Levelling Treatment – a defect

What hinders the ordinary common use of the res vendita? The court in Ellis expressed the view that an imperfection is not a static concept but is influenced by changes in style, custom and other factors influencing modern living, the purpose for which the property was purchased and also what a reasonable man would expect of the type or nature of such property.

The court further expressed the view that in present times it is not uncommon for young couples to purchase property with the intention of renovating it to suit their needs and that a wooden home is easily renovated at relatively little cost compared to that of a brick home.

The court held that a reasonable man purchasing a wooden house would expect to be able to renovate it and would not have expected to find false ceilings and cement screed covering the wooden floors.

The court agreed with the Purchasers’ statement that if there had been no defect the Seller would have had nothing to level. The court was of the opinion that the unlevel wooden floors had been a concern for the Seller but because she did not testify the court was unable to ascertain whether this was for aesthetic reasons or not.

The court accordingly found that the unlevel floors were a latent defect which only the Seller knew about and that the defect “hindered the ordinary or common use of the res vendita”.

Disclosure

The court was of the view that the dictum by Cachalia AJ in Odendaal was applicable: “where a seller recklessly tells a half truth or knows the facts but does not reveal them because he or she has not bothered to consider their significance this may also amount to fraud.”

The court, in concluding that there is an obligation on the seller to disclose any unusual or abnormal qualities of the res vendita, relied on Dibley v Furter 1951 (4) SA 71 (C) in which Van Zyl J referred to Pothiers “Treatise on Contract Sale” which states that in a contract of sale the seller is obliged in good faith to declare all that he knows about the thing sold to the purchaser, who has interest in knowing it, and that the failure to do so is against good faith. Van Zyl J concludes that “it seems therefore to me that the defect, to give rise to the obligation to disclose, need not be a redhibitory one – ie one giving rise to aedilition relief – provided that its non-disclosure would have the effect of placing the parties on unequal terms, and that when this latter takes place it is only in cases where the buyer has been really overreached that relief must be granted”.

The court in Ellis found that the unlevel floors were such an unusual feature that the Seller, even if she didn’t think them unusual, should have told the Purchasers about them - the court could only conclude that she did not do so because she had been afraid that if she had, the Purchasers would not have bought the house.

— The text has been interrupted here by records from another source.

(* Let $B\subset\mathbf{P}^4$ be a rational normal quartic, $V=\mathrm{Sec}\,B$, $\mathbf{P}^2=\mathrm{Hilb}_2(B)$, $V_z$ the line spanned by the degree-$2$ divisor $b_z$ of $z\in\mathbf{P}^2$, $G(1,4)\subset\mathbf{P}^9$ the Plücker embedded Grassmannian of lines of $\mathbf{P}^4$, and $Z\subset G(1,4)$ the image of $z\mapsto[V_z]$. Let $A\subset Z$ be the sextic curve corresponding to a general conic of $\mathbf{P}^2$, let $R'\subset\mathbf{P}^4$ be the union of the lines parametrized by $A$, and let $Q$ be the quadric through $B$ with $R'=V\cap Q$ (for general $A$, $Q$ is smooth). Let $W\subset G(1,4)$ be the tangential quadratic complex of $Q$, i.e. the variety of lines tangent to $Q$, and let $T=\langle A\rangle\cap G(1,4)$. Then $W$ does not contain $T$. *)

(* Projective geometry over an algebraically closed field F
   of characteristic 0.  Points of P^n are represented by nonzero vectors of
   F^(n+1) (row vectors); projective subsets by the cones over them. *)
From HB Require Import structures.
From mathcomp Require Import all_boot all_order all_algebra.
From mathcomp Require Import mpoly.
Set Implicit Arguments. Unset Strict Implicit. Unset Printing Implicit Defensive.
Import GRing.Theory.
Local Open Scope ring_scope.

Section Defs.
Variable F : closedFieldType.

Definition ver4 (s t : F) : 'rV[F]_5 := \row_(i < 5) (s ^+ (4 - i) * t ^+ i).

Definition qf (S : 'M[F]_5) (x : 'rV[F]_5) : F := (x *m S *m x^T) 0 0.
Definition bil (S : 'M[F]_5) (x y : 'rV[F]_5) : F := (x *m S *m y^T) 0 0.

(* A point z = (z0:z1:z2) of P^2 = Hilb_2(B) is the binary quadratic form
   z0 s^2 + z1 s t + z2 t^2 (a degree-2 divisor of P^1 ~ B);
   binary forms of degree d are encoded by their dehomogenisations
   sum_i f_i X^i (coefficient of s^(d-i) t^i). *)
Definition qpoly (z : 'rV[F]_3) : {poly F} := Poly [:: z 0 0; z 0 1; z 0 2].

(* pull-back to P^1 of the hyperplane {x | x *m h = 0} along
   (s:t) |-> ver4 s t *m M : a binary quartic *)
Definition pullback (M : 'M[F]_5) (h : 'cV[F]_5) : {poly F} :=
  Poly [seq (M *m h) i 0 | i <- enum 'I_5].

Definition bdiv (q f : {poly F}) : Prop :=
  exists g : {poly F}, (size g <= 3)%N /\ f = q * g.

(* cone over V_z = linear span of the divisor b_z on B: the intersection of
   all hyperplanes whose pull-back divisor on B contains b_z *)
Definition Vz (M : 'M[F]_5) (z : 'rV[F]_3) (x : 'rV[F]_5) : Prop :=
  forall h : 'cV[F]_5, bdiv (qpoly z) (pullback M h) -> (x *m h) 0 0 = 0.

Definition secV (M : 'M[F]_5) (x : 'rV[F]_5) : Prop :=
  exists z : 'rV[F]_3, z != 0 /\ Vz M z x.

(* Pluecker vector of the line spanned by u, v, as a skew 5x5 matrix
   (coordinates in wedge^2 F^5 = F^10, i.e. P^9) *)
Definition wedge (u v : 'rV[F]_5) : 'M[F]_5 := u^T *m v - v^T *m u.

Definition grass (P : 'M[F]_5) : Prop :=
  exists u v : 'rV[F]_5, P = wedge u v /\ P != 0.

Definition coneZ_at (M : 'M[F]_5) (z : 'rV[F]_3) (P : 'M[F]_5) : Prop :=
  exists u v : 'rV[F]_5, Vz M z u /\ Vz M z v /\ P = wedge u v /\ P != 0.

Definition conic_eval (c : 'I_6 -> F) (z : 'rV[F]_3) : F :=
  c (@Ordinal 6 0 isT) * z 0 0 ^+ 2 + c (@Ordinal 6 1 isT) * z 0 1 ^+ 2
  + c (@Ordinal 6 2 isT) * z 0 2 ^+ 2 + c (@Ordinal 6 3 isT) * z 0 0 * z 0 1
  + c (@Ordinal 6 4 isT) * z 0 0 * z 0 2 + c (@Ordinal 6 5 isT) * z 0 1 * z 0 2.

Definition on_conic (c : 'I_6 -> F) (z : 'rV[F]_3) : Prop :=
  z != 0 /\ conic_eval c z = 0.

Definition coneA (M : 'M[F]_5) (c : 'I_6 -> F) (P : 'M[F]_5) : Prop :=
  exists z, on_conic c z /\ coneZ_at M z P.

Definition Rprime (M : 'M[F]_5) (c : 'I_6 -> F) (x : 'rV[F]_5) : Prop :=
  exists z, on_conic c z /\ Vz M z x.

Definition spanA (M : 'M[F]_5) (c : 'I_6 -> F) (P : 'M[F]_5) : Prop :=
  exists (k : nat) (a : 'I_k -> F) (X : 'I_k -> 'M[F]_5),
    (forall i, coneA M c (X i)) /\ P = \sum_(i < k) a i *: X i.

Definition Tset (M : 'M[F]_5) (c : 'I_6 -> F) (P : 'M[F]_5) : Prop :=
  spanA M c P /\ grass P.

(* the line spanned by u, v is tangent to the quadric {qf S = 0}: there is a
   point p of the line on the quadric such that the line lies in the tangent
   hyperplane at p *)
Definition tangent_line (S : 'M[F]_5) (u v : 'rV[F]_5) : Prop :=
  exists a b : F, let p := a *: u + b *: v in
    p != 0 /\ qf S p = 0 /\ bil S u p = 0 /\ bil S v p = 0.

Definition Wtan (S : 'M[F]_5) (P : 'M[F]_5) : Prop :=
  exists u v : 'rV[F]_5, P = wedge u v /\ P != 0 /\ tangent_line S u v.

Definition quadric_for (M : 'M[F]_5) (c : 'I_6 -> F) (S : 'M[F]_5) : Prop :=
  S^T = S /\ S != 0 /\
  (forall s t : F, qf S (ver4 s t *m M) = 0) /\
  (forall x : 'rV[F]_5, x != 0 -> ((secV M x /\ qf S x = 0) <-> Rprime M c x)).

End Defs.

From Pilot Require Import Defs.
From HB Require Import structures.
From mathcomp Require Import all_boot all_order all_algebra.
From mathcomp Require Import mpoly.
From mathcomp Require Import ring.
Import GRing.Theory.
Local Open Scope ring_scope.
Set Implicit Arguments. Unset Strict Implicit. Unset Printing Implicit Defensive.

(* Transport everything by M to the standard quartic B = {ver4 s t} and write
   the conic in the chart z2 = 1 as c0 r^2 + c1 t^2 + c2 + c3 r t + c4 r + c5 t.
   The quadrics through B form a six-dimensional family Scm k whose restriction
   to the line V_(r:t:1) is the conic k; as Q contains the lines of A, k is
   proportional to c.  The Pluecker coordinates of V_(r:t:1) are linear in the
   moments r^i t^j (i + j <= 3), and by interpolating on four lines t = const
   every moment array satisfying the three linear relations induced by the
   conic lies in <A>.  The explicit line e1 /\ w satisfies these relations, so
   it lies in T, while its Gram determinant for Scm c is the polynomial
   gram_wit c, whereas a tangent line has Gram determinant zero.  Phi is the
   product of gram_wit c with c0 and the discriminants used above. *)

Notation i0 := (@Ordinal 5 0 isT).
Notation i1 := (@Ordinal 5 1 isT).
Notation i2 := (@Ordinal 5 2 isT).
Notation i3 := (@Ordinal 5 3 isT).
Notation i4 := (@Ordinal 5 4 isT).
Notation j0 := (@Ordinal 6 0 isT).
Notation j1 := (@Ordinal 6 1 isT).
Notation j2 := (@Ordinal 6 2 isT).
Notation j3 := (@Ordinal 6 3 isT).
Notation j4 := (@Ordinal 6 4 isT).
Notation j5 := (@Ordinal 6 5 isT).

Lemma ord5_cases (P : 'I_5 -> Prop) :
  P i0 -> P i1 -> P i2 -> P i3 -> P i4 -> forall i, P i.
Proof.
by move=> ? ? ? ? ? [[|[|[|[|[|//]]]]] lt_i5]; rewrite (bool_irrelevance lt_i5 isT).
Qed.

Definition disc (R : comPzRingType) (c : 'I_6 -> R) (t : R) : R :=
  (c j3 * t + c j4) ^+ 2 - 4 * c j0 * (c j1 * t ^+ 2 + c j5 * t + c j2).

Section SecantQuartic.
Variable F : closedFieldType.
Hypothesis F_char0 : [pchar F] =i pred0.
Implicit Types (c k : 'I_6 -> F) (m : nat -> nat -> F) (M S : 'M[F]_5) (u v : 'rV[F]_5).

Definition row5 (a b c d e : F) : 'rV[F]_5 := \row_(i < 5) nth 0 [:: a; b; c; d; e] i.
Definition row3 (a b c : F) : 'rV[F]_3 := \row_(i < 3) nth 0 [:: a; b; c] i.

Lemma row3_neq0 r t : row3 r t 1 != 0.
Proof.
by apply/negP => /eqP/rowP/(_ (@Ordinal 3 2 isT)); rewrite !mxE /= => /eqP; rewrite oner_eq0.
Qed.

Lemma coef_pullback M h (k : 'I_5) : (pullback M h)`_k = (M *m h) k 0.
Proof. by rewrite /pullback coef_Poly (nth_map k) ?size_enum_ord ?nth_ord_enum. Qed.

(* A hyperplane whose pull-back to B is divisible by z0 + z1 X + z2 X^2 is a
   combination of the three shifts of (z0, z1, z2) in F^5. *)
Lemma Vz1_row5 (z0 z1 z2 x0 x1 x2 x3 x4 : F) :
  z0 * x0 + z1 * x1 + z2 * x2 = 0 ->
  z0 * x1 + z1 * x2 + z2 * x3 = 0 ->
  z0 * x2 + z1 * x3 + z2 * x4 = 0 ->
  Vz 1 (row3 z0 z1 z2) (row5 x0 x1 x2 x3 x4).
Proof.
move=> e0 e1 e2 h [g [size_g pull_h]].
have hE (k : 'I_5) : h k 0 = (Defs.qpoly (row3 z0 z1 z2) * g)`_k.
  by rewrite -pull_h coef_pullback mul1mx.
have g3 : g`_3 = 0 by rewrite nth_default.
have g4 : g`_4 = 0 by rewrite nth_default // (leq_trans size_g).
rewrite !mxE !big_ord_recl big_ord0 !hE /Defs.qpoly !coefM !big_ord_recl !big_ord0.
rewrite !coef_Poly !mxE /= g3 g4.
transitivity (g`_0 * (z0 * x0 + z1 * x1 + z2 * x2)
  + g`_1 * (z0 * x1 + z1 * x2 + z2 * x3) + g`_2 * (z0 * x2 + z1 * x3 + z2 * x4)).
  by ring.
by rewrite e0 e1 e2; ring.
Qed.

Lemma Vz_mulmx M z y : Vz 1 z y -> Vz M z (y *m M).
Proof.
move=> Vzy h div_h; rewrite -mulmxA; apply: Vzy.
by rewrite /pullback mul1mx.
Qed.

Lemma wedge_mulmx M u v : wedge (u *m M) (v *m M) = M^T *m wedge u v *m M.
Proof. by rewrite /wedge mulmxBr mulmxBl !trmx_mul !mulmxA. Qed.

Lemma wedgeE u v i j : wedge u v i j = u 0 i * v 0 j - v 0 i * u 0 j.
Proof. by rewrite /wedge !mxE !big_ord1 !mxE. Qed.

Lemma congr_unitmx_neq0 M X : M \in unitmx -> X != 0 -> M^T *m X *m M != 0.
Proof.
move=> M_unit; apply: contra => /eqP XM0.
have := congr1 (fun Y => invmx M^T *m (Y *m invmx M)) XM0.
by rewrite mul0mx mulmx0 mulmxK // mulKmx ?unitmx_tr // => ->.
Qed.

Lemma coneA_mulmx M c X :
  M \in unitmx -> coneA 1 c X -> coneA M c (M^T *m X *m M).
Proof.
move=> M_unit [z [cz [u [v [Vu [Vv [-> uv_neq0]]]]]]].
exists z; split => //; exists (u *m M), (v *m M).
do 2!(split; first exact: Vz_mulmx).
by rewrite wedge_mulmx; split; last exact: congr_unitmx_neq0.
Qed.

Lemma spanA_add M c P Q : spanA M c P -> spanA M c Q -> spanA M c (P + Q).
Proof.
move=> [k1 [a1 [X1 [AX1 ->]]]] [k2 [a2 [X2 [AX2 ->]]]].
exists (k1 + k2)%N, (fun i => match split i with inl j => a1 j | inr j => a2 j end),
  (fun i => match split i with inl j => X1 j | inr j => X2 j end).
split; first by move=> i; case: (split i).
rewrite big_split_ord /=; congr (_ + _); apply: eq_bigr => i _.
  by rewrite (unsplitK (inl _ i)).
by rewrite (unsplitK (inr _ i)).
Qed.

Lemma spanA_scale M c a X : coneA M c X -> spanA M c (a *: X).
Proof. by move=> AX; exists 1%N, (fun=> a), (fun=> X); rewrite big_ord1. Qed.

Lemma spanA_mulmx M c P :
  M \in unitmx -> spanA 1 c P -> spanA M c (M^T *m P *m M).
Proof.
move=> M_unit [k [a [X [AX ->]]]].
exists k, a, (fun i => M^T *m X i *m M); split; first by move=> i; apply: coneA_mulmx.
rewrite mulmx_sumr mulmx_suml; apply: eq_bigr => i _.
by rewrite -scalemxAr -scalemxAl.
Qed.

Lemma natF_neq0 n : (n.+1%:R : F) != 0.
Proof. by move/pcharf0P: F_char0 => ->. Qed.

Lemma sqrt_closed (d : F) : exists s, s ^+ 2 = d.
Proof.
have [x xE] := @solve_monicpoly F 2 (fun i => if i == 0%N then d else 0) isT.
by exists x; rewrite xE !big_ord_recl big_ord0 /= expr0 mulr1 mul0r !addr0.
Qed.

Lemma conic_line_roots c t : c j0 != 0 -> disc c t != 0 ->
  exists r r', [/\ conic_eval c (row3 r t 1) = 0, conic_eval c (row3 r' t 1) = 0
    & r != r'].
Proof.
move=> c0_neq0 disc_neq0; have [s sE] := sqrt_closed (disc c t).
have s_neq0 : s != 0 by apply: contraNneq disc_neq0 => s0; rewrite -sE s0 expr0n.
have n2 : (2 : F) != 0 := natF_neq0 1.
have n4 : (4 : F) != 0 := natF_neq0 3.
pose b := c j3 * t + c j4.
have root_conic e : e ^+ 2 = disc c t ->
    conic_eval c (row3 ((- b + e) / (2 * c j0)) t 1) = 0.
  move=> eE; transitivity ((e ^+ 2 - disc c t) / (4 * c j0)); last first.
    by rewrite eE subrr mul0r.
  by rewrite /conic_eval !mxE /= /disc /b; field; rewrite n4 c0_neq0.
exists ((- b + s) / (2 * c j0)), ((- b + - s) / (2 * c j0)).
split; [exact: root_conic | by apply: root_conic; rewrite sqrrN |].
rewrite -subr_eq0; have -> : (- b + s) / (2 * c j0) - (- b + - s) / (2 * c j0) = s / c j0.
  by field; rewrite n2 c0_neq0.
by rewrite mulf_neq0 ?invr_eq0.
Qed.

Lemma two_point_weights (r r' b g : F) : r != r' ->
  exists a a', a + a' = b /\ a * r + a' * r' = g.
Proof.
move=> rr'; have d_neq0 : r - r' != 0 by rewrite subr_eq0.
by exists ((g - b * r') / (r - r')), (b - (g - b * r') / (r - r')); split;
  [ring | field].
Qed.

(* A basis of V_(r:t:1), solving the equations of Vz1_row5. *)
Definition w1 (r t : F) := row5 1 0 (- r) (r * t) (r ^+ 2 - r * t ^+ 2).
Definition w2 (r t : F) := row5 0 1 (- t) (t ^+ 2 - r) (2 * r * t - t ^+ 3).

Lemma w2_neq0 r t : w2 r t != 0.
Proof. by apply/negP => /eqP/rowP/(_ i1); rewrite !mxE /= => /eqP; rewrite oner_eq0. Qed.

Definition skew (p01 p02 p03 p04 p12 p13 p14 p23 p24 p34 : F) : 'M[F]_5 :=
  \matrix_(i < 5, j < 5) nth 0 (nth [::]
    [:: [:: 0; p01; p02; p03; p04];
        [:: - p01; 0; p12; p13; p14];
        [:: - p02; - p12; 0; p23; p24];
        [:: - p03; - p13; - p23; 0; p34];
        [:: - p04; - p14; - p24; - p34; 0]] i) j.

(* The Pluecker coordinates of V_(r:t:1) are linear in the monomials r^i t^j
   with i + j <= 3; Lam is this linear map, applied to a moment array m. *)
Definition Lam m : 'M[F]_5 :=
  skew (m 0%N 0%N) (- m 0%N 1%N) (m 0%N 2%N - m 1%N 0%N) (2 * m 1%N 1%N - m 0%N 3%N)
    (m 1%N 0%N) (- m 1%N 1%N) (m 1%N 2%N - m 2%N 0%N) (m 2%N 0%N) (- m 2%N 1%N)
    (m 3%N 0%N).

Definition pt_moments (r t : F) : nat -> nat -> F := fun i j => r ^+ i * t ^+ j.

Lemma wedge_w1w2 r t : wedge (w1 r t) (w2 r t) = Lam (pt_moments r t).
Proof.
apply/matrixP; apply: ord5_cases; apply: ord5_cases;
  by rewrite wedgeE !mxE /pt_moments /=; ring.
Qed.

Lemma LamD m m' : Lam (fun i j => m i j + m' i j) = Lam m + Lam m'.
Proof.
by apply/matrixP; apply: ord5_cases; apply: ord5_cases; rewrite !mxE /=; ring.
Qed.

Lemma LamZ a m : Lam (fun i j => a * m i j) = a *: Lam m.
Proof.
by apply/matrixP; apply: ord5_cases; apply: ord5_cases; rewrite !mxE /=; ring.
Qed.

Definition conic_rel c m (a b : nat) : F :=
  c j0 * m a.+2 b + c j1 * m a b.+2 + c j2 * m a b + c j3 * m a.+1 b.+1
  + c j4 * m a.+1 b + c j5 * m a b.+1.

The court further found that the Seller had not considered the significance of her non-disclosure and that by her actions had intended to defeat the provisions of the voetstoots clause.

Conclusion

Disclose, disclose, disclose.

The fear of not selling a house or achieving the desired asking price should not deter a seller from making a full disclosure of all defects, patent or latent, whether the seller considers them significant or not, as the failure to do so could end up costing more in the long run.